Data section:
Lemma measurable_Hcos {R : realType} (a : R) : measurable_fun [set: R] (Hcos a).
Proof. rewrite /Hcos; measurable_rational. Qed.

Lemma measurable_beta1 {R : realType} (a : R) : measurable_fun [set: R] (beta1 a).
Proof. rewrite /beta1; measurable_rational. Qed.

Section ComplexMeasurable.
Context {R : realType} (D : set R).
Implicit Types (f : R -> R) (u v : R -> R[i]).

Definition cmeasurable u := measurable_fun D (Re \o u) /\ measurable_fun D (Im \o u).

Lemma cmeasurable_real f : measurable_fun D f -> cmeasurable (fun x => (f x)%:C).
Proof. by move=> mf; split => //; exact: measurable_cst. Qed.

Lemma cmeasurable_cst z : cmeasurable (fun=> z).
Proof. by split; exact: measurable_cst. Qed.

Lemma cmeasurableB u v : cmeasurable u -> cmeasurable v -> cmeasurable (fun x => u x - v x).
Proof.
by move=> [? ?] [? ?]; split; rewrite /comp; under eq_fun do rewrite raddfB;
  exact: measurable_funB.
Qed.

Lemma cmeasurableD u v : cmeasurable u -> cmeasurable v -> cmeasurable (fun x => u x + v x).
Proof.
by move=> [? ?] [? ?]; split; rewrite /comp; under eq_fun do rewrite raddfD;
  exact: measurable_funD.
Qed.

Lemma cmeasurableM u v : cmeasurable u -> cmeasurable v -> cmeasurable (fun x => u x * v x).
Proof.
move=> [? ?] [? ?]; split; rewrite /comp.
- by under eq_fun do rewrite ReM; apply: measurable_funB; exact: measurable_funM.
- by under eq_fun do rewrite ImM; apply: measurable_funD; exact: measurable_funM.
Qed.

Lemma cmeasurableV u : cmeasurable u -> cmeasurable (fun x => (u x)^-1).
Proof.
move=> [mRe mIm].
have mN : measurable_fun D (fun x => (Re (u x) ^+ 2 + Im (u x) ^+ 2)^-1).
  apply: (measurableT_comp measurable_inv).
  by apply: measurable_funD; exact: measurable_funX.
split; rewrite /comp.
- by under eq_fun do rewrite ReV; exact: measurable_funM.
- by under eq_fun do rewrite ImV; apply: measurable_funM => //; exact: measurable_funN.
Qed.

Lemma cmeasurable_koebe f z : measurable_fun D f -> cmeasurable (fun x => koebe (f x) z).
Proof.
move=> mf; apply: cmeasurableM; first exact: cmeasurable_cst.
apply/cmeasurableV/cmeasurableD; last exact: cmeasurable_cst.
apply: cmeasurableB; first exact: cmeasurable_cst.
apply: cmeasurableM; last exact: cmeasurable_cst.
by apply: cmeasurable_real; apply: measurable_funM => //; exact: measurable_cst.
Qed.

End ComplexMeasurable.

Section RintegralFacts.
Context {d} {T : measurableType d} {R : realType} (mu : {measure set T -> \bar R}).
Context {D : set T} (mD : measurable D).
Implicit Types (f h : T -> R).

Lemma le_Rintegrable f h : measurable_fun D f -> mu.-integrable D (EFin \o h) ->
  (forall x, D x -> `|f x| <= h x) -> mu.-integrable D (EFin \o f).
Proof.
move=> mf inth fh.
apply: (@le_integrable _ _ _ mu D mD (EFin \o f) (EFin \o h)) inth.
  exact/measurable_EFinP.
move=> x Dx; rewrite /= lee_fin (@ger0_norm _ (h x)) ?fh //.
exact: le_trans (normr_ge0 _) (fh x Dx).
Qed.

Lemma Rintegral_gt0 f : mu.-integrable D (EFin \o f) -> (forall x, D x -> 0 <= f x) ->
  ~ {ae mu, forall x, D x -> f x = 0} -> 0 < \int[mu]_(x in D) f x.
Proof.
move=> intf f_ge0 f_nz; rewrite lt_neqAle Rintegral_ge0 // andbT; apply/eqP => If0.
apply: f_nz; have mf : measurable_fun D (EFin \o f) by case/integrableP: intf.
have : (\int[mu]_(x in D) `|(EFin \o f) x| = 0)%E.
  rewrite (eq_integral (EFin \o f)); last first.
    by move=> x /[!inE] Dx /=; rewrite ger0_norm ?f_ge0.
  rewrite -(fineK (integrable_fin_num mD intf)).
  by rewrite -[fine _]/(\int[mu]_(x in D) f x) -If0.
move/(ae_eq_integral_abs mu mD mf); apply: filterS => x fx0 Dx.
by case: (fx0 Dx).
Qed.

Lemma Rintegral_normr_le0 f : mu.-integrable D (EFin \o f) -> (forall x, D x -> f x <= 0) ->
  \int[mu]_(x in D) `|f x| = `|\int[mu]_(x in D) f x|.
Proof.
move=> intf f_le0.
have normf : \int[mu]_(x in D) `|f x| = - \int[mu]_(x in D) f x.
  rewrite -mulN1r -RintegralZl //; apply: eq_Rintegral => x /[!inE] Dx.
  by rewrite ler0_norm ?f_le0 // mulN1r.
rewrite normf ler0_norm // -oppr_ge0 -normf.
by apply: Rintegral_ge0 => x _; exact: normr_ge0.
Qed.

End RintegralFacts.

Section ComplexIntegral.
Variable R : realType.
Notation mu := (@lebesgue_measure R).
Implicit Types (D : set R) (f h : R -> R) (g k : R -> R[i]).

Lemma eq_Cintegral D g k : {in D, g =1 k} -> Cintegral D g = Cintegral D k.
Proof.
move=> gk; rewrite /Cintegral.
by congr (_%:C + 'i * _%:C); apply: eq_Rintegral => x /gk ->.
Qed.

Lemma Cintegral_real D f : Cintegral D (fun x => (f x)%:C) = (\int[mu]_(x in D) f x)%:C.
Proof.
rewrite /Cintegral /= (_ : \int[mu]_(x in D) 0 = 0) ?mulr0 ?addr0 //.
by rewrite /Rintegral integral0.
Qed.

Lemma normc_Cintegral_le D g h : measurable D -> cmeasurable D g ->
  mu.-integrable D (EFin \o h) -> (forall x, D x -> `|g x| <= (h x)%:C) ->
  `|Cintegral D g| <= (\int[mu]_(x in D) h x)%:C.
Proof.
(* |I|^2 = int (Re I Re g + Im I Im g) <= |I| int h, by Cauchy-Schwarz under the integral. *)
move=> mD [mRe mIm] inth gh.
have {}gh x : D x -> Num.sqrt (Re (g x) ^+ 2 + Im (g x) ^+ 2) <= h x.
  by move=> Dx; rewrite -lecR -normc_def gh.
have intRe : mu.-integrable D (EFin \o (Re \o g)).
  apply: (@le_Rintegrable _ _ _ mu D mD _ _ mRe inth) => x Dx.
  by apply: le_trans (gh x Dx); exact: ler_normr_sqrt.
have intIm : mu.-integrable D (EFin \o (Im \o g)).
  apply: (@le_Rintegrable _ _ _ mu D mD _ _ mIm inth) => x Dx.
  by apply: le_trans (gh x Dx); rewrite addrC; exact: ler_normr_sqrt.
rewrite /Cintegral normc_Re_Im lecR.
set p := \int[mu]_(x in D) Re (g x); set q := \int[mu]_(x in D) Im (g x).
set S := Num.sqrt _; have S_ge0 : 0 <= S by exact: sqrtr_ge0.
(* [mD] is stated for R's default sigma-algebra; naming [mu] lets it be converted. *)
have intpRe : mu.-integrable D (EFin \o (fun x => p * Re (g x))).
  exact (@integrableZl _ _ _ mu D mD p _ intRe).
have intqIm : mu.-integrable D (EFin \o (fun x => q * Im (g x))).
  exact (@integrableZl _ _ _ mu D mD q _ intIm).
have intSh : mu.-integrable D (EFin \o (fun x => S * h x)).
  exact (@integrableZl _ _ _ mu D mD S _ inth).
have SS : S ^+ 2 = \int[mu]_(x in D) (p * Re (g x) + q * Im (g x)).
  by rewrite sqr_sqrtr ?addr_ge0 ?sqr_ge0 // RintegralD // !RintegralZl.
have : S ^+ 2 <= S * \int[mu]_(x in D) h x.
  rewrite SS -RintegralZl //; apply: le_Rintegral => //.
  - exact (@integrableD _ _ _ mu D mD _ _ intpRe intqIm).
  - move=> x Dx; apply: le_trans (ler_dot_sqrt _ _ _ _) _.
    by rewrite -/S ler_wpM2l // gh.
have h_ge0 x : D x -> 0 <= h x by move=> Dx; apply: le_trans (gh x Dx); exact: sqrtr_ge0.
have := Rintegral_ge0 mu h_ge0; nra.
Qed.

End ComplexIntegral.

Definition absorptive_weight {R : realType} (a : R) (A : R -> R) (s : R) : R :=
  A s / s * beta1 a s.

Lemma fnorm_koebe (R : realType) (mu a : R) (alpha0 : R[i]) (A : R -> R) (z : R[i]) :
  0 < mu -> fnorm mu a alpha0 A z =
  Cintegral `[2 * mu / 3, +oo[
    (fun s => (absorptive_weight a A s)%:C * koebe (Hcos a s) z)
  / (\int[lebesgue_measure]_(s in `[2 * mu / 3, +oo[) absorptive_weight a A s)%:C.
Proof.
move=> mu_gt0; rewrite /fnorm /Tamp /alpha1a2 addrC addKr.
rewrite (@eq_Cintegral _ _ _ (fun s => (absorptive_weight a A s)%:C * koebe (Hcos a s) z)).
  have pi_inv_neq0 : (pi^-1 : R)%:C != 0 by rewrite fmorph_eq0 invr_eq0 gt_eqF // pi_gt0.
  by rewrite rmorphM invfM mulrACA divff ?mul1r.
move=> s; rewrite inE /= in_itv /= andbT => s_ge.
rewrite Hker_koebe; first by rewrite mulrA -rmorphM.
by rewrite gt_eqF //; lra.
Qed.

Section Amplitude.
Variables (R : realType) (mu a : R) (alpha0 : R[i]) (A : R -> R).
Hypotheses (mu_gt0 : 0 < mu) (a_range : (- (2 * mu / 9) < a < 0) \/ (0 < a < 4 * mu / 9))
  (mA : measurable_fun `[2 * mu / 3, +oo[ A)
  (A_ge0 : forall s, 2 * mu / 3 <= s -> 0 <= A s)
  (A_nz : ~ {ae lebesgue_measure, forall s, `[2 * mu / 3, +oo[ s -> A s = 0})
  (A_int : (\int[lebesgue_measure]_(s in `[(2 * mu / 3)%R, +oo[)
              (A s / s * `|beta1 a s|)%:E < +oo)%E).

Local Notation D := `[2 * mu / 3, +oo[.
Local Notation w := (absorptive_weight a A).

Let mem_D {s} : D s -> 2 * mu / 3 <= s.
Proof. by rewrite /= in_itv /= andbT. Qed.

Let D_gt0 {s} : D s -> 0 < s.
Proof. by move/mem_D; apply: lt_le_trans; rewrite divr_gt0 ?mulr_gt0. Qed.

Let Hcos_D {s} : D s -> -1 <= Hcos a s <= 1.
Proof.
(* lra does not see through the instances of the section hypotheses: restate [0 < mu]. *)
move=> Ds; have s_ge := mem_D Ds; have mu0 : 0 < mu := mu_gt0.
by apply: Hcos_range; first exact: D_gt0; case: a_range => /andP[? ?]; lra.
Qed.

Let beta1_D {s} : D s -> beta1 a s < 0.
Proof.
move=> Ds; have s_ge := mem_D Ds; have mu0 : 0 < mu := mu_gt0.
apply: beta1_lt0; [| exact: D_gt0 | by case: a_range => /andP[? ?]; lra].
by apply/eqP => a0; case: a_range; rewrite a0 ltxx ?andbF.
Qed.

Let w_le0 {s} : D s -> w s <= 0.
Proof.
move=> Ds; rewrite /absorptive_weight nmulr_lle0 ?beta1_D //.
by rewrite divr_ge0 ?A_ge0 ?mem_D // ltW // D_gt0.
Qed.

What is required: Among the entries above, the lines between the ones containing "move=> intf f_le0." and "Implicit Types (D", inclusive, are to be transcribed exactly. No other line is to be given.

Exercise result:
move=> intf f_le0.
have normf : \int[mu]_(x in D) `|f x| = - \int[mu]_(x in D) f x.
  rewrite -mulN1r -RintegralZl //; apply: eq_Rintegral => x /[!inE] Dx.
  by rewrite ler0_norm ?f_le0 // mulN1r.
rewrite normf ler0_norm // -oppr_ge0 -normf.
by apply: Rintegral_ge0 => x _; exact: normr_ge0.
Qed.

End RintegralFacts.

Section ComplexIntegral.
Variable R : realType.
Notation mu := (@lebesgue_measure R).
Implicit Types (D : set R) (f h : R -> R) (g k : R -> R[i]).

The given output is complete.